How was alternative splicing discovered
Structure and function of spliceosomes
The formation of proteins in cells of higher living beings is a complex, multi-stage process. First, the genetic information for a protein is transcribed from the DNA into a working copy, the precursor messenger RNA (pre-mRNA). However, these RNA copies can only be used for protein production if the internal areas, so-called “introns”, which are not required, have been removed through precise cutting and the information-relevant areas, “exons”, have been re-linked. This maturation process is known as mRNA splicing. Only this mature mRNA can be transported from the cell nucleus into the cytoplasm and used by the ribosomes as a template for the formation of proteins. This exon-intron arrangement offers the organism great advantages: by alternative splicing, i.e. by optionally linking different exons, mRNAs for different proteins can be produced from one gene. Alternative splicing thus represents an additional level of regulation of gene expression, which enormously increases the genetic capacity of higher eukaryotes. This also explains why humans can get by with just over 20,000 protein-coding genes in their genome.
The mRNA splicing reaction takes place in two steps via phosphoester transfer reactions and is brought about in the cell nucleus by the molecular machine of the spliceosome. Spliceosomes are made up of well over 100 proteins and five small RNA molecules (the snRNAs U1, U2, U4, U5 and U6) and are therefore gigantic, very protein-rich nanomachines. Many of these building blocks are organized in stable sub-complexes. So store z. B. approx. 50 spliceosomal proteins with the snRNAs to form RNA protein particles, the snRNPs (small nuclear ribonucleoproteins) U1, U2 and the U4 / U6.U5-tri-snRNP.
Spliceosomes do not exist in the cell nucleus as prefabricated machines, but are built anew from their building blocks on each intron to be spliced (Fig 1). First, the snRNPs U1 and U2, together with some helper proteins, recognize and bind the beginning and end of an intron. The binding of the U4 / U6.U5-tri-snRNP then leads to the formation of the so-called B complex. However, this multi-mega-dalton complex does not yet have an active catalytic center. Gradual dramatic structural changes of the B-complex spliceosome alter the conformations of the snRNAs and the original biochemical composition of the B-complex. A complex network of RNA-RNA interactions forms between the pre-mRNA and the snRNAs U2, U5 and U6, which is to be regarded as the heart of the catalytic center (Fig. 2). The catalytically activated spliceosome is now able to complete the first step of the splicing reaction, with the formation of the C-complex spliceosome. After the second catalytic step has taken place, the spliceosome together with the excised intron is detached from the mature mRNA and dissociated into its individual parts. Both snRNAs and spliceosomal proteins are essential for the function of the spliceosome. Among other things, they are involved in the detection of the splice points and the formation of the catalytic center. Furthermore, a number of energy-consuming enzymes, so-called RNA helicases, play a decisive role in the gradual rearrangements of the spliceosome (Fig. 1).
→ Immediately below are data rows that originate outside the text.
(* Suppose (a, b) is an eps-compatible pair and no value of Lambda lies in (eps', eps].
   Then a can be shrunk to an eps'-shift: a node v goes to the point at height
   h v + eps' on the edge containing a(v) (no node of T2 lies in between, by Lambda_1),
   and an arbitrary point goes to the corresponding ancestor.  Composing the two shrunk
   maps still lands on an ancestor, because a node m of T1 with
   h v < h m <= h v + 2 eps even satisfies h m <= h v + 2 eps' (by Lambda_2).  Since
   Lambda is finite and contains 0, an infimum d outside Lambda would be isolated from
   Lambda, and shrinking an interleaving slightly above d to one slightly below d is
   absurd.  Throughout, compatible maps are handled as height shifts preserving the
   ancestor order; continuity is equivalent to this by a real induction along the path
   to the root, using that nearby points of a finite tree are comparable. *)

Lemma finite_separation (l : list R) (d : R) :
  exists r, 0 < r /\ forall x, In x l -> x <> d -> r <= Rabs (x - d).
Proof.
  induction l as [|x0 l [r [Hr H]]].
  - exists 1. split; [lra | intros x []].
  - destruct (Req_dec x0 d) as [E|E].
    + exists r. split; [exact Hr|]. intros x [<-|I] N; [contradiction | auto].
    + exists (Rmin r (Rabs (x0 - d))). split.
      * apply Rmin_pos; [exact Hr | apply Rabs_pos_lt; lra].
      * intros x [<-|I] N; [apply Rmin_r|].
        eapply Rle_trans; [apply Rmin_l | auto].
Qed.

Lemma glb_exists (S : R -> Prop) (m : R) :
  (exists x, S x) -> (forall x, S x -> m <= x) -> exists d, is_glb S d.
Proof.
  intros [x0 Sx0] Hm.
  destruct (completeness (fun x => S (- x))) as [M [Hub Hlub]].
  - exists (- m). intros x Sx. specialize (Hm _ Sx). lra.
  - exists (- x0). rewrite Ropp_involutive. exact Sx0.
  - exists (- M). split.
    + intros x Sx. enough (- x <= M) by lra.
      apply Hub. cbv beta. rewrite Ropp_involutive. exact Sx.
    + intros m' Hm'. enough (M <= - m') by lra.
      apply Hlub. intros x Sx. specialize (Hm' _ Sx). lra.
Qed.

Lemma glb_approx (S : R -> Prop) (d r : R) :
  is_glb S d -> 0 < r -> exists e, S e /\ e < d + r.
Proof.
  intros [_ Hgreatest] Hr. apply NNPP. intros N.
  enough (d + r <= d) by lra.
  apply Hgreatest. intros x Sx. apply Rnot_lt_le. intros L. apply N. exists x. auto.
Qed.
(* Let $q$ be even and let $H$ be the point-line incidence matrix of the Desarguesian projective plane $\mathrm{PG}(2,q)$, regarded as a binary matrix, and let $C=\ker(H)=\{c\in\mathbb{F}_2^{q^2+q+1} : cH^\top=0\}$ with minimum distance $d$. Then one round of the bit-flipping decoding algorithm with respect to $H$ corrects every error of Hamming weight at most $\lfloor\frac{d-1}{2}\rfloor$; that is, for every $c\in C$ and every $e\in\mathbb{F}_2^{q^2+q+1}$ with $\mathrm{wt}(e)\le\lfloor\frac{d-1}{2}\rfloor$, one round of bit-flipping applied to $y=c+e$ outputs $c$.
   Context: $\mathrm{PG}(2,q)$ is the projective plane whose points and lines are the 1- and 2-dimensional subspaces of $\mathbb{F}_q^3$; it has $q^2+q+1$ points and $q^2+q+1$ lines, each line contains $q+1$ points and each point lies on $q+1$ lines. Its incidence matrix has rows indexed by points and columns by lines, with entry $1$ iff the point lies on the line. For a binary matrix $H$ with $m$ rows, $n$ columns and constant column weight $v$, one round of the bit-flipping algorithm on input $y\in\mathbb{F}_2^n$ is: compute the syndrome $s=Hy^\top\in\mathbb{F}_2^m$; for each column $j$ let $u_j$ be the number of rows $i$ with $H_{ij}=1$ and $s_i=1$ (unsatisfied parity checks involving $j$); output $y$ with the bits in positions $\{j : u_j> v/2\}$ flipped. The Hamming weight $\mathrm{wt}(e)$ is the number of nonzero coordinates of $e$. *)

From HB Require Import structures.
From mathcomp Require Import all_boot all_order all_algebra all_field.
Set Implicit Arguments. Unset Strict Implicit. Unset Printing Implicit Defensive.
Import GRing.Theory.
Local Open Scope ring_scope.

(* A k-dimensional subspace of F^3 is represented by its canonical
   row-space representative: a 3x3 matrix A with <<A>> = A and rank k.
   (mxalgebra: (A == B)%MS -> <<A>> = <<B>>, so this is a bijection.) *)
Definition subspace_of_dim (F : finFieldType) (k : nat) :=
  {A : 'M[F]_3 | (A == <<A>>%MS) && (\rank A == k)}.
One of the main goals of Reinhard Lührmann's researchers is to understand how the splicing machinery works and how it is structured. On the one hand, the question of how the structural changes of the spliceosome take place during its working cycle and how they are regulated is in the foreground. On the other hand, the scientists want to clarify the question of how the catalytic center of the spliceosome is structured, i.e. H. like a ribozyme, does it only consist of RNA components or does it act more like an RNP enzyme in which RNA and proteins contribute equally to catalysis? In order to be able to answer these questions, they use an integrated experimental approach that encompasses a broad methodological spectrum. They analyze the function of proteins and snRNA molecules during splicing using biochemical and molecular genetic methods, with the researchers primarily concentrating on the investigation of spliceosomes from human cells and baker's yeast. At the same time, they use cryo-electron microscopy and X-ray crystallography as well as mass spectrometric and fluorescence spectroscopic methods to investigate the spatial structure and structural dynamics of isolated spliceosomes.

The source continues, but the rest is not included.